═══ SOURCE DATA ═══

(* Let $\sigma\in\operatorname{Hom}(\pi_1(M),\mathrm{SU}(2))$, let $(x,y,z)=(\operatorname{tr}\sigma(X),\operatorname{tr}\sigma(Y),\operatorname{tr}\sigma(XY))$ and $k=\operatorname{tr}\sigma(K)$. Then $[\sigma]$ is a $\mathrm{Pin}(2)$ representation class but not a $\mathrm{Spin}(2)$ representation class if and only if $k\ne 2$ and at least two of $x,y,z$ are zero.
   Context: $M$ is a torus with one boundary component; $\pi_1(M)$ is the free group on $X,Y$ and $K=XYX^{-1}Y^{-1}$. One has $k=x^2+y^2+z^2-xyz-2$. Use the quaternionic model of $\mathrm{SU}(2)$: $1,\mathrm{i},\mathrm{j},\mathrm{k}$ denote the matrices $\begin{pmatrix}1&0\\0&1\end{pmatrix},\begin{pmatrix}i&0\\0&-i\end{pmatrix},\begin{pmatrix}0&1\\-1&0\end{pmatrix},\begin{pmatrix}0&i\\i&0\end{pmatrix}$. Set $\mathrm{Spin}(2)=\{\cos\theta+\sin\theta\,\mathrm{j}\}$, $\mathrm{Spin}_-(2)=\{\cos\theta\,\mathrm{k}+\sin\theta\,\mathrm{i}\}$, $\mathrm{Pin}(2)=\mathrm{Spin}(2)\cup\mathrm{Spin}_-(2)$ (the preimage of $\mathrm{O}(2)$ under $\mathrm{SU}(2)\to\mathrm{SO}(3)$). For a subgroup $G\subset\mathrm{SU}(2)$, a class $[\sigma]\in E=\operatorname{Hom}(\pi_1(M),\mathrm{SU}(2))/\mathrm{SU}(2)$ is a $G$ representation class if some representative of $[\sigma]$ takes values in $G$ (equivalently $\sigma(\pi_1(M))$ lies in a conjugate of $G$). Classes are determined by their trace coordinates $(x,y,z)$. *)

From HB Require Import structures.
From mathcomp Require Import all_boot all_order all_algebra.
From mathcomp Require Import complex.
From mathcomp Require Import reals trigo.
Set Implicit Arguments. Unset Strict Implicit. Unset Printing Implicit Defensive.
Import Order.TTheory GRing.Theory Num.Theory.
Local Open Scope ring_scope.
Local Open Scope complex_scope.

Section SU2.
Variable R : realType.
Local Notation C := R[i].

Definition adjmx (A : 'M[C]_2) : 'M[C]_2 := (map_mx Num.conj A)^T.

Definition SU2 : pred 'M[C]_2 :=
  fun A => (A *m adjmx A == 1%:M) && (\det A == 1).

Definition qI : 'M[C]_2 := \matrix_(a < 2, b < 2)
  (if (a == b) then (if a == 0 :> nat then 'i else - 'i) else 0).
Definition qJ : 'M[C]_2 := \matrix_(a < 2, b < 2)
  (if (a == b) then 0 else (if a == 0 :> nat then 1 else -1)).
Definition qK : 'M[C]_2 := \matrix_(a < 2, b < 2)
  (if (a == b) then 0 else 'i).

Definition Spin2 (A : 'M[C]_2) : Prop :=
  exists t : R, A = (cos t)%:C%:M + (sin t)%:C *: qJ.
Definition Spinm2 (A : 'M[C]_2) : Prop :=
  exists t : R, A = (cos t)%:C *: qK + (sin t)%:C *: qI.
Definition Pin2 (A : 'M[C]_2) : Prop := Spin2 A \/ Spinm2 A.

(* Words in the free group pi_1(M) = F(X, Y) *)
Inductive word := wX | wY | w1 | wmul of word & word | winv of word.

(* A homomorphism pi_1(M) -> SU(2) is determined by the images A, B of X, Y
   (any pair in SU(2) gives one); evaluate it on a word. *)
Fixpoint rep_eval (A B : 'M[C]_2) (w : word) : 'M[C]_2 :=
  match w with
  | wX => A | wY => B | w1 => 1%:M
  | wmul u v => rep_eval A B u *m rep_eval A B v
  | winv u => invmx (rep_eval A B u)
  end.

Definition rep_class_in (G : 'M[C]_2 -> Prop) (A B : 'M[C]_2) : Prop :=
  exists g, SU2 g /\ forall w, G (g *m rep_eval A B w *m invmx g).

Definition wK : word := wmul (wmul wX wY) (wmul (winv wX) (winv wY)).

End SU2.

From HB Require Import structures.
From mathcomp Require Import all_boot all_order all_algebra.
From mathcomp Require Import complex.
From mathcomp Require Import reals trigo.
From mathcomp Require Import ring lra.

(* In the quaternion model a homomorphism is a pair (p, q) of unit quaternions,
   traces are twice real parts, and the trace of the commutator is
   2 (1 - 2 |Im p x Im q|^2).  Hence k = 2 exactly when the imaginary parts are
   parallel, and then one rotation moves their common axis onto j, giving a
   Spin(2) class.  Elements of Spin_-(2) are pure, and Spin(2) Spin_-(2) lies in
   Spin_-(2), so a Pin(2) class that is not a Spin(2) class has two pure members
   among p, q, pq.  Conversely two pure unit quaternions with non-parallel
   imaginary parts are rotated into the i,k-plane, i.e. into Spin_-(2), by the
   rotation moving their cross product onto j; the cases involving pq reduce to
   this one since q = p^-1 (pq) and p = (pq) q^-1. *)

Set Implicit Arguments.
Unset Strict Implicit.
Unset Printing Implicit Defensive.
Import Order.TTheory GRing.Theory Num.Theory.
Local Open Scope ring_scope.

Section Quaternions.
Variable R : realType.

Record quat := Quat { qre : R; qi : R; qj : R; qk : R }.

Definition qzero := Quat 0 0 0 0.
Definition qone := Quat 1 0 0 0.

Definition qmul (p q : quat) :=
  let: Quat a b c d := p in let: Quat a' b' c' d' := q in
  Quat (a * a' - b * b' - c * c' - d * d') (a * b' + b * a' + c * d' - d * c')
       (a * c' - b * d' + c * a' + d * b') (a * d' + b * c' - c * b' + d * a').
Definition qconj (p : quat) := let: Quat a b c d := p in Quat a (- b) (- c) (- d).
Definition qscale (l : R) (p : quat) :=
  let: Quat a b c d := p in Quat (l * a) (l * b) (l * c) (l * d).
Definition qnorm2 (p : quat) := let: Quat a b c d := p in a ^+ 2 + b ^+ 2 + c ^+ 2 + d ^+ 2.

Definition vdot (p q : quat) := qi p * qi q + qj p * qj q + qk p * qk q.
Definition vcross (p q : quat) :=
  Quat 0 (qj p * qk q - qk p * qj q) (qk p * qi q - qi p * qk q) (qi p * qj q - qj p * qi q).

Definition qconjby (h v : quat) := qmul (qmul h v) (qconj h).
Definition qcomm (p q : quat) := qmul (qmul p q) (qmul (qconj p) (qconj q)).

Lemma qmulA p q r : qmul (qmul p q) r = qmul p (qmul q r).
Proof. by case: p q r => a b c d [a' b' c' d'] [a'' b'' c'' d''] /=; congr Quat; ring. Qed.
Lemma qmul1 p : qmul p qone = p.
Proof. by case: p => a b c d /=; congr Quat; ring. Qed.
Lemma qmul1l p : qmul qone p = p.
Proof. by case: p => a b c d /=; congr Quat; ring. Qed.
Lemma qconjK p : qconj (qconj p) = p.
Proof. by case: p => a b c d /=; rewrite !opprK. Qed.
Lemma qconjM p q : qconj (qmul p q) = qmul (qconj q) (qconj p).
Proof. by case: p q => a b c d [a' b' c' d'] /=; congr Quat; ring. Qed.
Lemma qnorm2M p q : qnorm2 (qmul p q) = qnorm2 p * qnorm2 q.
Proof. by case: p q => a b c d [a' b' c' d'] /=; ring. Qed.
Lemma qnorm2_conj p : qnorm2 (qconj p) = qnorm2 p.
Proof. by case: p => a b c d /=; ring. Qed.
Lemma qnorm2_scale l p : qnorm2 (qscale l p) = l ^+ 2 * qnorm2 p.
Proof. by case: p => a b c d /=; ring. Qed.
Lemma qnorm2_ge0 p : 0 <= qnorm2 p.
Proof. by case: p => a b c d /=; rewrite !addr_ge0 ?sqr_ge0. Qed.
Lemma qnorm2_eq0 p : qnorm2 p = 0 -> p = qzero.
Proof.
case: p => a b c d /= h.
have sq0 (x : R) : x ^+ 2 = 0 -> x = 0 by move/eqP; rewrite sqrf_eq0 => /eqP.
by congr Quat; apply: sq0; nra.
Qed.
Lemma qmul_conj p : qnorm2 p = 1 -> qmul p (qconj p) = qone.
Proof. by case: p => a b c d /= hn; rewrite /qone -hn; congr Quat; ring. Qed.
Lemma qmul_conjl p : qnorm2 p = 1 -> qmul (qconj p) p = qone.
Proof. by case: p => a b c d /= hn; rewrite /qone -hn; congr Quat; ring. Qed.

Lemma qre_comm p q : qre (qcomm p q) = qnorm2 p * qnorm2 q - 2 * qnorm2 (vcross p q).
Proof. by case: p q => a b c d [a' b' c' d'] /=; ring. Qed.

Lemma qconjby_pure n v : qre n = 0 ->
  qconjby n v = Quat (qnorm2 n * qre v) (2 * vdot n v * qi n - qnorm2 n * qi v)
    (2 * vdot n v * qj n - qnorm2 n * qj v) (2 * vdot n v * qk n - qnorm2 n * qk v).
Proof. by case: n v => a b c d [a' b' c' d'] /= ->; rewrite /vdot /=; congr Quat; ring. Qed.

Lemma qconjbyM h u v : qnorm2 h = 1 ->
  qconjby h (qmul u v) = qmul (qconjby h u) (qconjby h v).
Proof.
move=> hn; rewrite /qconjby -!qmulA; congr qmul; rewrite !qmulA; congr qmul.
by rewrite -[in LHS](qmul1 u) -(qmul_conjl hn) !qmulA.
Qed.
Lemma qconjby_conj h v : qconjby h (qconj v) = qconj (qconjby h v).
Proof. by rewrite /qconjby !qconjM qconjK qmulA. Qed.
Lemma qconjby1 h : qnorm2 h = 1 -> qconjby h qone = qone.
Proof. by move=> hn; rewrite /qconjby qmul1 qmul_conj. Qed.
Lemma qconjby_comm h p q : qnorm2 h = 1 ->
  qconjby h (qcomm p q) = qcomm (qconjby h p) (qconjby h q).
Proof. by move=> hn; rewrite /qcomm !qconjbyM // !qconjby_conj. Qed.
Lemma qconjby_scale l h v : qconjby (qscale l h) v = qscale (l ^+ 2) (qconjby h v).
Proof. by case: h v => a b c d [a' b' c' d'] /=; congr Quat; ring. Qed.
Lemma qre_qconjby h v : qre (qconjby h v) = qnorm2 h * qre v.
Proof. by case: h v => a b c d [a' b' c' d'] /=; ring. Qed.
Lemma qre_qconjby_unit h v : qnorm2 h = 1 -> qre (qconjby h v) = qre v.
Proof. by move=> hn; rewrite qre_qconjby hn mul1r. Qed.
Lemma qnorm2_qconjby h v : qnorm2 (qconjby h v) = qnorm2 h ^+ 2 * qnorm2 v.
Proof. by rewrite /qconjby !qnorm2M qnorm2_conj; ring. Qed.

═══

Look above for the line containing "2 (1 - 2 |Im" and the line containing "among p, q, pq.". Transcribe both, with the lines between them, exactly.

   2 (1 - 2 |Im p x Im q|^2).  Hence k = 2 exactly when the imaginary parts are
   parallel, and then one rotation moves their common axis onto j, giving a
   Spin(2) class.  Elements of Spin_-(2) are pure, and Spin(2) Spin_-(2) lies in
   Spin_-(2), so a Pin(2) class that is not a Spin(2) class has two pure members
   among p, q, pq.  Conversely two pure unit quaternions with non-parallel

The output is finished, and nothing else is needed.